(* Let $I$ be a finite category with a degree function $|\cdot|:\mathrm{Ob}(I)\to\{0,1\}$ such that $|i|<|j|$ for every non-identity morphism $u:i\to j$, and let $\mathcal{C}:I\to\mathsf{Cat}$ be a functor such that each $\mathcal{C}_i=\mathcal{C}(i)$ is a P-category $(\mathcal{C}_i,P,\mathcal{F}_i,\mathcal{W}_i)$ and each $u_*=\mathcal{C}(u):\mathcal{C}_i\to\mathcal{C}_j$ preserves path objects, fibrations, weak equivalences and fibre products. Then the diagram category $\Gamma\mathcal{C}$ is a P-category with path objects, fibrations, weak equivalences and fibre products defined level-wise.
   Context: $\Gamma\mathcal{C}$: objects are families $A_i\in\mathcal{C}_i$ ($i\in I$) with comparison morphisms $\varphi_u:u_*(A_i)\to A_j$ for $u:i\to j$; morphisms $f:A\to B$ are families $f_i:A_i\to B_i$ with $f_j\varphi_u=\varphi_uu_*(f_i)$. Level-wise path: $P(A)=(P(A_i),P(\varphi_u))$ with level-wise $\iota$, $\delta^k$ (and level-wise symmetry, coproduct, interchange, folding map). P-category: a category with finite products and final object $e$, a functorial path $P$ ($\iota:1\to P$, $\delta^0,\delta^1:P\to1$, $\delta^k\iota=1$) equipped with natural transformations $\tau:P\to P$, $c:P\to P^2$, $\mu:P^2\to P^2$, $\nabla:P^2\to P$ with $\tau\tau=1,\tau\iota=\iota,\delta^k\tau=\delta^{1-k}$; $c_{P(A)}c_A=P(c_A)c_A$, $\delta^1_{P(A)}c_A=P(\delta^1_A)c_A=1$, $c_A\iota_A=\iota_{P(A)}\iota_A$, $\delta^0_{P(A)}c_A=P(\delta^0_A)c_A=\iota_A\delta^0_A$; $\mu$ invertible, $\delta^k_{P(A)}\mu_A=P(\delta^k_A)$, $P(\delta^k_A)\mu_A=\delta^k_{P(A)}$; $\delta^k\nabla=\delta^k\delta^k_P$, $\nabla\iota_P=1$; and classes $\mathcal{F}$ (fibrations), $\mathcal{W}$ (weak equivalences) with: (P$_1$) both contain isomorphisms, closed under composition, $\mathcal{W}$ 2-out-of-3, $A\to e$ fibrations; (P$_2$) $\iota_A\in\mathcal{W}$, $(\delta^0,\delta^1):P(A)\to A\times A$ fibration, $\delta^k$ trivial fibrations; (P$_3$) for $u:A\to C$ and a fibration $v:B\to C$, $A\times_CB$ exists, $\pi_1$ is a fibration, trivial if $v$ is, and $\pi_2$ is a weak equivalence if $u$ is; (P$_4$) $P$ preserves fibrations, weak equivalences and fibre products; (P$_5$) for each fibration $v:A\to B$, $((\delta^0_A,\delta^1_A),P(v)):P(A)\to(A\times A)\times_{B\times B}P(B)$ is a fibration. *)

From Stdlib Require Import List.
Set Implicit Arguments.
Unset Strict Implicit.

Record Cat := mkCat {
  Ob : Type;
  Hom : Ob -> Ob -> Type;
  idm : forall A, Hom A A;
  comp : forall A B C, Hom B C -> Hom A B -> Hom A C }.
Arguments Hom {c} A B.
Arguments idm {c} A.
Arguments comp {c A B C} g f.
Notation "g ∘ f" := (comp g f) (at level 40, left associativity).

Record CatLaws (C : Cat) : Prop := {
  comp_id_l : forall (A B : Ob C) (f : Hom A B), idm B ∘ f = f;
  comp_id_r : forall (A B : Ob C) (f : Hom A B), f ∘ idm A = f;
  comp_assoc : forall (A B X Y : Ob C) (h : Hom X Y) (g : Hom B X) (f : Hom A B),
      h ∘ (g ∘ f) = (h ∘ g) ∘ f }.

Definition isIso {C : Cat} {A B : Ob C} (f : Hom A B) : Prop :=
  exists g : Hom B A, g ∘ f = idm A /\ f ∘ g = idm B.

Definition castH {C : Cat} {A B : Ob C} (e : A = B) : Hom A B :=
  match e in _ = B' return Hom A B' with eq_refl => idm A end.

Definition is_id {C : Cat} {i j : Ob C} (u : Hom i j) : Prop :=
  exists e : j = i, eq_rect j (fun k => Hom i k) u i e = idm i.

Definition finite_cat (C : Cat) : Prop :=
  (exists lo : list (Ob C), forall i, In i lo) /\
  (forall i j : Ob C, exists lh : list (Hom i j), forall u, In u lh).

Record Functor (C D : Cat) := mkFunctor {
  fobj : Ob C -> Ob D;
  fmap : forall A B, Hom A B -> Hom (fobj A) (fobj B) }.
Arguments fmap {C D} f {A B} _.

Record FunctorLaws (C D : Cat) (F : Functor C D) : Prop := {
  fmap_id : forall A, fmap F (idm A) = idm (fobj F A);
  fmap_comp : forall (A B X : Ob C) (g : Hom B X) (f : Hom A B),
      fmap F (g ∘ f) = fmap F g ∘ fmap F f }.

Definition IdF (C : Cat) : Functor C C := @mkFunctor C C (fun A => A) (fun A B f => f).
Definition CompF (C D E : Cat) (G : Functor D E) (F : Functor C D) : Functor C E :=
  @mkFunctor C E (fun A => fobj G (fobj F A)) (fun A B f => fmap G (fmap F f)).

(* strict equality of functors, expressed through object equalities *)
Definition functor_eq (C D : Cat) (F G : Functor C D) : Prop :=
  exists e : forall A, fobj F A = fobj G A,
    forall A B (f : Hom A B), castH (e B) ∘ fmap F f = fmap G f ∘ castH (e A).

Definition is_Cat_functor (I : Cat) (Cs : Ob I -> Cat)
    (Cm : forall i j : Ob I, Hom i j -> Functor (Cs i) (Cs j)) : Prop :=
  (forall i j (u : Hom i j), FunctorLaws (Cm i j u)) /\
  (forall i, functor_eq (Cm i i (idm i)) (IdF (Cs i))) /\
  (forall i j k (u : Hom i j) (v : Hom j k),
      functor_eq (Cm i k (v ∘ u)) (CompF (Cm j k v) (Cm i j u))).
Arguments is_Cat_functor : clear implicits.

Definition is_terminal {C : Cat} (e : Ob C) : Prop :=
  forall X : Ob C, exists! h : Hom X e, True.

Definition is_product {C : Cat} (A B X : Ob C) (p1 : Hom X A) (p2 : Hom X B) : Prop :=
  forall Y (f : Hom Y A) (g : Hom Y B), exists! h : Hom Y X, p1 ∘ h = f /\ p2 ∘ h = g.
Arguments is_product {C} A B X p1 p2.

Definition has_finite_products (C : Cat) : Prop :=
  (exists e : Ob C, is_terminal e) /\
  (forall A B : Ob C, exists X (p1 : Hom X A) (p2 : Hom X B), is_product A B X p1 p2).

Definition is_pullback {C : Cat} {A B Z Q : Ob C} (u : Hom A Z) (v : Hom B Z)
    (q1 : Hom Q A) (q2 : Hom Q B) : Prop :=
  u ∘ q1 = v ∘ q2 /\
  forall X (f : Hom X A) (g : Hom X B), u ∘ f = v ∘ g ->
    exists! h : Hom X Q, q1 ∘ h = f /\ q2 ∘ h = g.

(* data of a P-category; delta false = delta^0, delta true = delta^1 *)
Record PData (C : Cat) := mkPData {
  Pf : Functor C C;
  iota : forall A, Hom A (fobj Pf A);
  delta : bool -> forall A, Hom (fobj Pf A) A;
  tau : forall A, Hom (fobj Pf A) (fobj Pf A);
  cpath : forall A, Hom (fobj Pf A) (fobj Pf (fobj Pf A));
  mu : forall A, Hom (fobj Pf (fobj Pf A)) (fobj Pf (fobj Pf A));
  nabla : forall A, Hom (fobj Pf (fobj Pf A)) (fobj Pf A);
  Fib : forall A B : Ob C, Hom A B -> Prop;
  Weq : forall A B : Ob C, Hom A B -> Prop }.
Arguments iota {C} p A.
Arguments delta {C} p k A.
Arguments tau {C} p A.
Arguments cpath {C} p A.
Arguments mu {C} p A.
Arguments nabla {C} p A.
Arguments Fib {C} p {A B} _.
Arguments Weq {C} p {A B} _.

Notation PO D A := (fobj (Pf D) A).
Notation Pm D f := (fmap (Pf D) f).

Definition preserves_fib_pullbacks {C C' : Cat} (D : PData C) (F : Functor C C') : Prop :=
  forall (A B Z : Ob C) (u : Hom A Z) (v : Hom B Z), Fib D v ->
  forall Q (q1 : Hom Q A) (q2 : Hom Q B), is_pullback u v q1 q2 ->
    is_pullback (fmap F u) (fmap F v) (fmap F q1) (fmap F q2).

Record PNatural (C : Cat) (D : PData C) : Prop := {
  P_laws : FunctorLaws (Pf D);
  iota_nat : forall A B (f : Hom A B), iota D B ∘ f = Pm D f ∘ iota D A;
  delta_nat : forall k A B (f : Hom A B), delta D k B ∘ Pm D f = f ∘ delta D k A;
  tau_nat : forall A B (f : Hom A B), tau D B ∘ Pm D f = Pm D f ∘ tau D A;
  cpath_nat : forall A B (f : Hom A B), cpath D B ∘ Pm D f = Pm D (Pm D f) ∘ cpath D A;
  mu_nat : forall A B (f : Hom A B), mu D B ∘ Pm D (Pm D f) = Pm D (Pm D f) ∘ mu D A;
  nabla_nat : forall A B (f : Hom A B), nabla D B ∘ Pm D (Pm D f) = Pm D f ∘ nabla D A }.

-=-=-=-=-

Scan the listing above for the line that has "P_laws : FunctorLaws (Pf D);", then copy exactly from that line through the line that has "tau_nat : forall".

  P_laws : FunctorLaws (Pf D);
  iota_nat : forall A B (f : Hom A B), iota D B ∘ f = Pm D f ∘ iota D A;
  delta_nat : forall k A B (f : Hom A B), delta D k B ∘ Pm D f = f ∘ delta D k A;
  tau_nat : forall A B (f : Hom A B), tau D B ∘ Pm D f = Pm D f ∘ tau D A;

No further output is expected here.